We consider a $\delta$-neighborhood of $x \in \mathbb{R}^n$, i.e. $\mathbb{B}(x,\delta)$ (closed ball with center $x$ and radius $\delta$), and we see the $2^{nd}$ argument as a $\delta$-dependent parameter $\theta_\delta \in \mathbb{R}^m$. We study

$$ \max_{y \in \mathbb{B}(x,\delta)} \{ f(x,\theta_\delta)-f(y,\theta_\delta) \} $$

We assume that for any $x \in \mathbb{R}^n$ we have $ \delta \mapsto f(x,\theta_\delta)-f(y,\theta_\delta) $ non-decreasing if $y \in \mathbb{B}(x,\delta)$. Therefore, for any $x \in \mathbb{R}^n$, also $\delta \mapsto \max_{y \in \mathbb{B}(x,\delta)} \{ f(x,\theta_\delta)-f(y,\theta_\delta) \}$ is non-decreasing.

Say if the following proposition is true (if not, find a counterexample).

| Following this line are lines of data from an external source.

Lemma merge_parity_bounded (p : Zpair * Zpair) :
  inZ2 alpha p ->
  inZ alpha (merge_parity p) /\ Znorm alpha (merge_parity p) <= (4 + 4 * K) * Z2norm alpha p.
Proof.
  destruct p as [[u y1] [v y2]]. intros [[Hu HD1] [Hv HD2]]; cbn [fst snd] in *.
  pose proof (proj2 (in_l2_interleave u v) (conj Hu Hv)) as Hx.
  destruct (l2norm_interleave_bounds u v Hu Hv) as (Nu & Nv & Nx).
  destruct (defect_at_of_inZ u y1 _ (conj Hu HD1) Nu) as [HE1 NE1].
  destruct (defect_at_of_inZ v y2 _ (conj Hv HD2) Nv) as [HE2 NE2].
  pose proof (proj2 (in_l2_interleave _ _) (conj HE1 HE2)) as HE.
  destruct (l2norm_interleave_bounds _ _ HE1 HE2) as (_ & _ & NE).
  unfold inZ, Z2norm, Znorm, merge_parity; cbn [fst snd].
  rewrite Omega_interleave_defect.
  split; [now split|].
  set (q := l2norm (interleave u v)) in *.
  pose proof (l2norm_nonneg (cseq_sub y1 (Omega alpha u))).
  pose proof (l2norm_nonneg (cseq_sub y2 (Omega alpha v))).
  pose proof (f_alpha_lip_nonneg alpha).
  assert (K * q <= K * (l2norm u + l2norm v)) by (apply Rmult_le_compat_l; lra).
  assert (0 <= K * l2norm (cseq_sub y1 (Omega alpha u))) by (apply Rmult_le_pos; assumption).
  assert (0 <= K * l2norm (cseq_sub y2 (Omega alpha v))) by (apply Rmult_le_pos; assumption).
  lra.
Qed.

End Bounds.

Theorem mainTheorem1 : forall alpha : R, Cartesian_Z alpha.
Proof.
  intros alpha.
  exists split_parity, merge_parity, (4 + 4 * f_alpha_lip alpha).
  split; [intros z Hz; apply (split_parity_bounded alpha z Hz)|].
  split; [intros p Hp; apply (merge_parity_bounded alpha p Hp)|].
  split; [reflexivity|].
  split; [intros; apply merge_parity_linear|].
  split; [intros; apply merge_split_parity|].
  split; [intros; apply split_merge_parity|].
  split; [intros z Hz; apply (split_parity_bounded alpha z Hz)|].
  intros p Hp; apply (merge_parity_bounded alpha p Hp).
Qed.
Theorem proposition5 (n : nat) (hn : (3 <= n)%N) :
  mubar_fil_eq n n /\ inj_lie_hom_into_h (@fil_rep n).
Proof.
have fil_rep_hom : inj_lie_hom_into_h (@fil_rep n).
  case: n hn => [|[|[|p]]] // _; split.
  - exact: fil_rep_is_linear.
  - exact: fil_rep_bracket.
  - exact: fil_rep_inj.
  - exact: upper_tri_fil_rep.
split=> //; split=> [|m]; first by exists (@fil_rep n).
exact: fil_embeds_dim_ge.
Qed.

$$ \forall \epsilon > 0 \ \exists \delta >0 \text{ such that } \max_{y \in \mathbb{B}(x,\delta)} \{ f(x,\theta_\delta)-f(y,\theta_\delta) \} < \epsilon $$

Note: the proposition would hold for fixed $\delta$-independent $\theta$ as $x \mapsto f(x,\theta)$ is continuous. I suspect the proposition is true also for $\theta_\delta$ because the smaller $\delta$ is the smaller $\max_{y \in \mathbb{B}(x,\delta)} \{ f(x,\theta_\delta)-f(y,\theta_\delta) \}$ is.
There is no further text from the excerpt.